- **ASSIGNED TASK**: The required result is each line of the entries below containing the string "complex".

- **GIVEN RECORDS**:
(* Let $U$ be a subgroup of $\mathbf{T}/\{\pm1\}$ with at least three elements. Then $R(U)$ is a subring of $\mathbb{C}$ (closed under addition, negation and multiplication, and containing $0$ and $1$). Moreover, $R(U)$ is exactly the set of finite $\mathbb{Z}$-linear combinations of finite products of complex numbers of the form $$\frac{1-u^2}{1-v^2},$$ where $u,v\in\mathbf{T}$ are representatives of elements of $U$ and $v^2\neq 1$. (The value $u^2$ does not depend on the choice of representative.) Equivalently, setting $V=\{u^2: u\in\mathbf{T} \text{ represents an element of } U\}\subset\mathbf{T}$, $R(U)$ is the set of finite $\mathbb{Z}$-linear combinations of finite products of numbers $\frac{1-a}{1-b}$ with $a,b\in V$, $b\neq 1$.
   Context: Let $\mathbf{T}=\{z\in\mathbb{C}:|z|=1\}$. An angle is an element of the quotient group $\mathbf{T}/\{\pm1\}$; in formulas an angle is represented by either of its two representatives $u\in\mathbf{T}$. For $p\in\mathbb{C}$ and an angle $u$, let $L_u(p)=\{p+ru: r\in\mathbb{R}\}$ (the line through $p$ with direction $u$). For distinct angles $u,v$ and $p,q\in\mathbb{C}$, $I_{u,v}(p,q)$ denotes the unique point of $L_u(p)\cap L_v(q)$. For a subgroup $U$ of $\mathbf{T}/\{\pm1\}$, $R(U)$ denotes the smallest subset of $\mathbb{C}$ that contains $0$ and $1$ and such that $I_{u,v}(p,q)\in R(U)$ whenever $p,q\in R(U)$ and $u,v$ are distinct elements of $U$. *)

From Stdlib Require Import Reals.
Open Scope R_scope.

Record Cx := mkC { Re : R; Im : R }.

Definition C0 : Cx := mkC 0 0.
Definition C1 : Cx := mkC 1 0.
Definition Cadd (z w : Cx) : Cx := mkC (Re z + Re w) (Im z + Im w).
Definition Copp (z : Cx) : Cx := mkC (- Re z) (- Im z).
Definition Csub (z w : Cx) : Cx := Cadd z (Copp w).
Definition Cmul (z w : Cx) : Cx :=
  mkC (Re z * Re w - Im z * Im w) (Re z * Im w + Im z * Re w).
Definition Cinv (z : Cx) : Cx :=
  let n := Re z * Re z + Im z * Im z in mkC (Re z / n) (- Im z / n).
Definition Cdiv (z w : Cx) : Cx := Cmul z (Cinv w).
Definition RtoC (r : R) : Cx := mkC r 0.
Definition Cconj (z : Cx) : Cx := mkC (Re z) (- Im z).

Definition on_T (z : Cx) : Prop := Re z * Re z + Im z * Im z = 1.

(* A subgroup of T/{+-1}, represented by its full preimage in T:
   a set of unit complex numbers containing 1 and -1, closed under
   products and inverses (inverse on T = conjugate). *)
Definition angle_subgroup (U : Cx -> Prop) : Prop :=
  (forall u, U u -> on_T u) /\
  U C1 /\
  U (Copp C1) /\
  (forall u v, U u -> U v -> U (Cmul u v)) /\
  (forall u, U u -> U (Cconj u)).

Definition distinct_angles (u v : Cx) : Prop := u <> v /\ u <> Copp v.

Definition at_least_three_angles (U : Cx -> Prop) : Prop :=
  exists u1 u2 u3, U u1 /\ U u2 /\ U u3 /\
    distinct_angles u1 u2 /\ distinct_angles u1 u3 /\ distinct_angles u2 u3.

Definition on_line (u p z : Cx) : Prop := exists r : R, z = Cadd p (Cmul (RtoC r) u).

Inductive RU (U : Cx -> Prop) : Cx -> Prop :=
  | RU_0 : RU U C0
  | RU_1 : RU U C1
  | RU_I : forall p q u v z, RU U p -> RU U q -> U u -> U v ->
      distinct_angles u v -> on_line u p z -> on_line v q z -> RU U z.

Definition generator (U : Cx -> Prop) (z : Cx) : Prop :=
  exists u v, U u /\ U v /\ Cmul v v <> C1 /\
    z = Cdiv (Csub C1 (Cmul u u)) (Csub C1 (Cmul v v)).

Inductive gen_prod (U : Cx -> Prop) : Cx -> Prop :=
  | gp_one : gen_prod U C1
  | gp_mul : forall x g, gen_prod U x -> generator U g -> gen_prod U (Cmul x g).

Inductive Zspan_prod (U : Cx -> Prop) : Cx -> Prop :=
  | zs_zero : Zspan_prod U C0
  | zs_add : forall x p, Zspan_prod U x -> gen_prod U p -> Zspan_prod U (Cadd x p)
  | zs_sub : forall x p, Zspan_prod U x -> gen_prod U p -> Zspan_prod U (Csub x p).

(* Writing a = u^2, b = v^2, the point z of L_u(p) /\ L_v(q) is characterised by
   z - p = a conj(z - p) and z - q = b conj(z - q), which solve to
   z = p + a ((p - q) - b conj(p - q)) / (b - a).
   Every product p of generators satisfies conj p = p / k for a square k, so the
   Z-span of these products contains the squares and all (w - a conj w) / (c - d);
   hence it is closed under intersections and contains R(U).
   Conversely, using a third direction, translations along an axis can be built from
   parallelograms, so R(U) is an additive group. The generator (1 - a) / (1 - b) is the
   intersection of the line through 1 in direction sqrt a with the line through 0 in
   direction sqrt (a / b), and multiplying by an element l with conj l = l / k maps lines
   with directions in U to lines with directions in U; so R(U) is stable under
   multiplication by products of generators and contains their Z-span. *)

From Stdlib Require Import Reals Lra Field Classical.

Lemma Cx_eq (z w : Cx) : Re z = Re w -> Im z = Im w -> z = w.
Proof. destruct z, w; simpl; intros; subst; reflexivity. Qed.

Ltac cx_componentwise :=
  intros; repeat match goal with z : Cx |- _ => destruct z end;
  apply Cx_eq; simpl; ring.

Lemma Cring : ring_theory C0 C1 Cadd Cmul Csub Copp (@eq Cx).
Proof. constructor; cx_componentwise. Qed.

- **WRITTEN SOLUTION**:
(* Let $U$ be a subgroup of $\mathbf{T}/\{\pm1\}$ with at least three elements. Then $R(U)$ is a subring of $\mathbb{C}$ (closed under addition, negation and multiplication, and containing $0$ and $1$). Moreover, $R(U)$ is exactly the set of finite $\mathbb{Z}$-linear combinations of finite products of complex numbers of the form $$\frac{1-u^2}{1-v^2},$$ where $u,v\in\mathbf{T}$ are representatives of elements of $U$ and $v^2\neq 1$. (The value $u^2$ does not depend on the choice of representative.) Equivalently, setting $V=\{u^2: u\in\mathbf{T} \text{ represents an element of } U\}\subset\mathbf{T}$, $R(U)$ is the set of finite $\mathbb{Z}$-linear combinations of finite products of numbers $\frac{1-a}{1-b}$ with $a,b\in V$, $b\neq 1$.
   a set of unit complex numbers containing 1 and -1, closed under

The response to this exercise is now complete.